## YOUR TASK
Give back an exact copy of the lines in the records below, from the line that has "Lemma models_Eclass_relativized L" through the line that has "- constructor.", and nothing besides.

## EXTRACTED RECORDS
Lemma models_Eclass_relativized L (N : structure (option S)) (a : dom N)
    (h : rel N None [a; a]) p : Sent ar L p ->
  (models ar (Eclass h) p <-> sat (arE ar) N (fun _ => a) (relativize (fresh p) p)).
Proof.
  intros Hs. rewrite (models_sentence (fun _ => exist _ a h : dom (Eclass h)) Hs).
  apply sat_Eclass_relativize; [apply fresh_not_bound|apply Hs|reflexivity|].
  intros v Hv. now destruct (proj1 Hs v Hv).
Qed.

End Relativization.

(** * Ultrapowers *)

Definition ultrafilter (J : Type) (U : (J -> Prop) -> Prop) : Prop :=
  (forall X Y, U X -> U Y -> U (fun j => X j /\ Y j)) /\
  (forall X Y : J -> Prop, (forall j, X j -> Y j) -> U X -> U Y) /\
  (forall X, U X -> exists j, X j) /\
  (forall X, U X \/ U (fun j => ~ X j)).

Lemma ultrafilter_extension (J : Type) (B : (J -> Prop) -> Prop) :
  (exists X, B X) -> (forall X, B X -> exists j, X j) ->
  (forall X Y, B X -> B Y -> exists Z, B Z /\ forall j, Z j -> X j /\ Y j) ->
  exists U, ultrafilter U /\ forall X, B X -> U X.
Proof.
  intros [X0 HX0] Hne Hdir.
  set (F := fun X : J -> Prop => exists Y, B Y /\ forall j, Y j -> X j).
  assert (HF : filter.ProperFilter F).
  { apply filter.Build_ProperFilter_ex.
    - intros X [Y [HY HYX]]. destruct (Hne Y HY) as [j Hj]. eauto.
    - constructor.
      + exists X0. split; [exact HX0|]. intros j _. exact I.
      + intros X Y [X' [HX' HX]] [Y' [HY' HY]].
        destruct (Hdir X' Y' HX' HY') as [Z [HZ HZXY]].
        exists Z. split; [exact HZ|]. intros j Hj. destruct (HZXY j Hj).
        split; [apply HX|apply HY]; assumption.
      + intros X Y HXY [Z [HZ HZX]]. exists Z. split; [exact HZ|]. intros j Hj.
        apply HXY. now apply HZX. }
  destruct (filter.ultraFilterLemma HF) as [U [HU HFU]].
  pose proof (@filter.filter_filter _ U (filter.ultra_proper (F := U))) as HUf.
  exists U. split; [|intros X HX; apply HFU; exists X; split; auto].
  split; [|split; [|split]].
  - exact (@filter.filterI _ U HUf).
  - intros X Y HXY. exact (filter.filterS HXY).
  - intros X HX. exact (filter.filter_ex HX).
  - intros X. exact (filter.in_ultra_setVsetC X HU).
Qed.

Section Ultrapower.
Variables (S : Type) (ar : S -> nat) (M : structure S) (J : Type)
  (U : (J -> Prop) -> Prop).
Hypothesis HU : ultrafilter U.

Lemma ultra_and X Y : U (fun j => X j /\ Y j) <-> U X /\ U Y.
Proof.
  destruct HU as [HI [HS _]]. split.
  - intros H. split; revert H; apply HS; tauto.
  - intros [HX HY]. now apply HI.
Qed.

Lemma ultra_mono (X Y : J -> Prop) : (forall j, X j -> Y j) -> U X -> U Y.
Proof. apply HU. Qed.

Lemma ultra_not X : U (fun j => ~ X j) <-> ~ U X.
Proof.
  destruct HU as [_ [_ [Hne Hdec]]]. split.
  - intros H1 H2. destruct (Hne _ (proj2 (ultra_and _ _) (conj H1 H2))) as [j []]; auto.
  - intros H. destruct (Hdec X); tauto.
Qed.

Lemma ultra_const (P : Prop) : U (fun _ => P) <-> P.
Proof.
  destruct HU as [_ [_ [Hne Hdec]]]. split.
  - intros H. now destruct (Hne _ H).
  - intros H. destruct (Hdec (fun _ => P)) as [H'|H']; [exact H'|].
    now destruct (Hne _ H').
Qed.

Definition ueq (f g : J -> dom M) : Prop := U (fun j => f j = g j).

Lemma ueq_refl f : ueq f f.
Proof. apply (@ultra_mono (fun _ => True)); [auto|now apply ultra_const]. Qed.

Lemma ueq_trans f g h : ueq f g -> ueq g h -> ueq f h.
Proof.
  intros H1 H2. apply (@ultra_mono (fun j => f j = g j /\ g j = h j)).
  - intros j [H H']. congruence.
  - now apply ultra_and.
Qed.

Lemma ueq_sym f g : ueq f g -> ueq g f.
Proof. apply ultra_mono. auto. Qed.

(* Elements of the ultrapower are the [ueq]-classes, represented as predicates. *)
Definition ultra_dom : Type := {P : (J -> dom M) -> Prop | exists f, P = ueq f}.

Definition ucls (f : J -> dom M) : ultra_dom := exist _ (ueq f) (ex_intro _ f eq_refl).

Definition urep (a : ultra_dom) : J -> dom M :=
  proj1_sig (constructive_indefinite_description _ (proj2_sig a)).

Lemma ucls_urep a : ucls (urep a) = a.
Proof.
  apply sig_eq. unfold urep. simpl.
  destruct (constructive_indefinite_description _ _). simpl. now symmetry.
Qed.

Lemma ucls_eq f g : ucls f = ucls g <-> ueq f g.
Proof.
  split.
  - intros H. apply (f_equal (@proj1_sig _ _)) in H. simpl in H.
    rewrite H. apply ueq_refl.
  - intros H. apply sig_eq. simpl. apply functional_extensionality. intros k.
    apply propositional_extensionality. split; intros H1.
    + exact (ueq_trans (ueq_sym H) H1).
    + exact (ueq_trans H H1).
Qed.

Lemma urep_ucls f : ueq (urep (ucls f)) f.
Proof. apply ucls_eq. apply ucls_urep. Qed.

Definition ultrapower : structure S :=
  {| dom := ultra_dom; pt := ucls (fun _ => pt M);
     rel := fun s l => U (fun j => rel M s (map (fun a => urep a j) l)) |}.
* * *
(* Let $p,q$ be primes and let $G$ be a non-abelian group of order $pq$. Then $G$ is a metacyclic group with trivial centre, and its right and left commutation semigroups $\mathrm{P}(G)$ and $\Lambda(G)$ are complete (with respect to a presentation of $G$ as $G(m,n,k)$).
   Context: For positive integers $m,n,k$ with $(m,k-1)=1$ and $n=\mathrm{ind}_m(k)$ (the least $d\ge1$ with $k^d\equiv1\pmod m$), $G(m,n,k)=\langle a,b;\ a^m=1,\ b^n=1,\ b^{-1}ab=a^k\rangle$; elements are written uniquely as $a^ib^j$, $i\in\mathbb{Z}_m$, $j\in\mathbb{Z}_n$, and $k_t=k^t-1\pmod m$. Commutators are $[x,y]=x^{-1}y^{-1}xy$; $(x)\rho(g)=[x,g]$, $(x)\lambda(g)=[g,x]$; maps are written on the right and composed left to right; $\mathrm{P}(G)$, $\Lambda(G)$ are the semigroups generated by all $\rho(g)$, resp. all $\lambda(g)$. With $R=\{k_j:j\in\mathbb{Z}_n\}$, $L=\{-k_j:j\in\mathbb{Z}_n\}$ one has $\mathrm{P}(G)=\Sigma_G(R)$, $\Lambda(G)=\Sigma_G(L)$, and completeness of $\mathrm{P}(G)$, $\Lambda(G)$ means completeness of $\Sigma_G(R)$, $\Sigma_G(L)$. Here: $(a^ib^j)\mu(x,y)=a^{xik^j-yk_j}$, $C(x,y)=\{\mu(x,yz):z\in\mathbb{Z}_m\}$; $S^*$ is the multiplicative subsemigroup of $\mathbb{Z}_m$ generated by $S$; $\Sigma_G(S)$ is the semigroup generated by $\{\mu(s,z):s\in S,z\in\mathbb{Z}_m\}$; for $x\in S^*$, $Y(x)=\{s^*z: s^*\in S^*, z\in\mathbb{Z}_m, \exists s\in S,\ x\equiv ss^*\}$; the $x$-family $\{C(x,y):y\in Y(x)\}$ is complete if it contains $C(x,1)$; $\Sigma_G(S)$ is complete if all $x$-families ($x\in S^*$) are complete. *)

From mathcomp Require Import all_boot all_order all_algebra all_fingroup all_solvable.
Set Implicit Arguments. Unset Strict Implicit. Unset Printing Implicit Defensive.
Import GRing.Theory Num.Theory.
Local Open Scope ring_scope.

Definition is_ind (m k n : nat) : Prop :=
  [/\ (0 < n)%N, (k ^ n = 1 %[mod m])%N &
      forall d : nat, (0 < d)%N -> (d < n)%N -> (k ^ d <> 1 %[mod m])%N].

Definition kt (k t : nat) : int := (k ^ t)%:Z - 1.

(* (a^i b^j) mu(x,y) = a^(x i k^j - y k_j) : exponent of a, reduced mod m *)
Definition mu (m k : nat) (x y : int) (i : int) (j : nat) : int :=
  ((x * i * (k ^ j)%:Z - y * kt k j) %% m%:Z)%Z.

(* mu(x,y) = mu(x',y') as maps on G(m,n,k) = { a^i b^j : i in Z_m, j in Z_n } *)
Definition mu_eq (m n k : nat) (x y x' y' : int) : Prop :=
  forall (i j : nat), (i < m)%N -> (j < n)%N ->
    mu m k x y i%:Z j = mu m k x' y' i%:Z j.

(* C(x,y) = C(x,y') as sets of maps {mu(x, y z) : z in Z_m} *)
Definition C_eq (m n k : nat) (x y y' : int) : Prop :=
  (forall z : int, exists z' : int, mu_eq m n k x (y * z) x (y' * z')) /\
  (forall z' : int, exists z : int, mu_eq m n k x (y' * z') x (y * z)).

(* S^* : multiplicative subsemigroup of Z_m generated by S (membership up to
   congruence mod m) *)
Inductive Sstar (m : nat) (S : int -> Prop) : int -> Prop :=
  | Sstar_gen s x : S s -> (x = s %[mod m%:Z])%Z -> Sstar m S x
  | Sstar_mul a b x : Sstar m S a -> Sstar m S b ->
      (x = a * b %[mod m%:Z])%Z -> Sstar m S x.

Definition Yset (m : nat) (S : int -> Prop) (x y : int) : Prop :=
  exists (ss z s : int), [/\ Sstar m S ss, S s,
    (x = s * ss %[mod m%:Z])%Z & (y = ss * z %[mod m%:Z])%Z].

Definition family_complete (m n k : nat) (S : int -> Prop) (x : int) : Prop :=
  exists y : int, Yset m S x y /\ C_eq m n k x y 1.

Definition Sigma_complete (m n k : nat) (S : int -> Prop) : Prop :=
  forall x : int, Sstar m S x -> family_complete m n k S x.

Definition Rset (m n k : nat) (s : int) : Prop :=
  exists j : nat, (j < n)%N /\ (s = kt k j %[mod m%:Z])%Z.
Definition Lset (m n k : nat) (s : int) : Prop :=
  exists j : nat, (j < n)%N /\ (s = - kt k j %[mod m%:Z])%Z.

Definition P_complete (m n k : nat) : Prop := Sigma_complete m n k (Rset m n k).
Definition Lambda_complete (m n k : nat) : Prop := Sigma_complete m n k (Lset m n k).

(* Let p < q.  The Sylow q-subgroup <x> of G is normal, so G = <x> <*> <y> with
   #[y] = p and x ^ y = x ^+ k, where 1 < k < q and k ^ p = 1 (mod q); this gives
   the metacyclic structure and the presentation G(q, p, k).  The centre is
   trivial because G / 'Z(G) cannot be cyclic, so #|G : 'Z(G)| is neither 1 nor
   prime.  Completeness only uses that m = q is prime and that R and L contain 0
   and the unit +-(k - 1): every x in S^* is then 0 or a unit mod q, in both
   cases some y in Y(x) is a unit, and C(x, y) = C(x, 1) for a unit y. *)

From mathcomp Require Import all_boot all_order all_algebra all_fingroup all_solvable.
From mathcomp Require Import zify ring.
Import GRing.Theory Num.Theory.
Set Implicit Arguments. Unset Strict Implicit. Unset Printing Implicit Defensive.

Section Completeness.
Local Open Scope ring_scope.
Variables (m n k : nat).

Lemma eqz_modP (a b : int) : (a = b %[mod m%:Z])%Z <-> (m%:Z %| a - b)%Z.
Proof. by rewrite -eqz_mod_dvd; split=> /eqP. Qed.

## SOLUTION
Lemma models_Eclass_relativized L (N : structure (option S)) (a : dom N)
    (h : rel N None [a; a]) p : Sent ar L p ->
  (models ar (Eclass h) p <-> sat (arE ar) N (fun _ => a) (relativize (fresh p) p)).
Proof.
  intros Hs. rewrite (models_sentence (fun _ => exist _ a h : dom (Eclass h)) Hs).
  apply sat_Eclass_relativize; [apply fresh_not_bound|apply Hs|reflexivity|].
  intros v Hv. now destruct (proj1 Hs v Hv).
Qed.

End Relativization.

(** * Ultrapowers *)

Definition ultrafilter (J : Type) (U : (J -> Prop) -> Prop) : Prop :=
  (forall X Y, U X -> U Y -> U (fun j => X j /\ Y j)) /\
  (forall X Y : J -> Prop, (forall j, X j -> Y j) -> U X -> U Y) /\
  (forall X, U X -> exists j, X j) /\
  (forall X, U X \/ U (fun j => ~ X j)).

Lemma ultrafilter_extension (J : Type) (B : (J -> Prop) -> Prop) :
  (exists X, B X) -> (forall X, B X -> exists j, X j) ->
  (forall X Y, B X -> B Y -> exists Z, B Z /\ forall j, Z j -> X j /\ Y j) ->
  exists U, ultrafilter U /\ forall X, B X -> U X.
Proof.
  intros [X0 HX0] Hne Hdir.
  set (F := fun X : J -> Prop => exists Y, B Y /\ forall j, Y j -> X j).
  assert (HF : filter.ProperFilter F).
  { apply filter.Build_ProperFilter_ex.
    - intros X [Y [HY HYX]]. destruct (Hne Y HY) as [j Hj]. eauto.
    - constructor.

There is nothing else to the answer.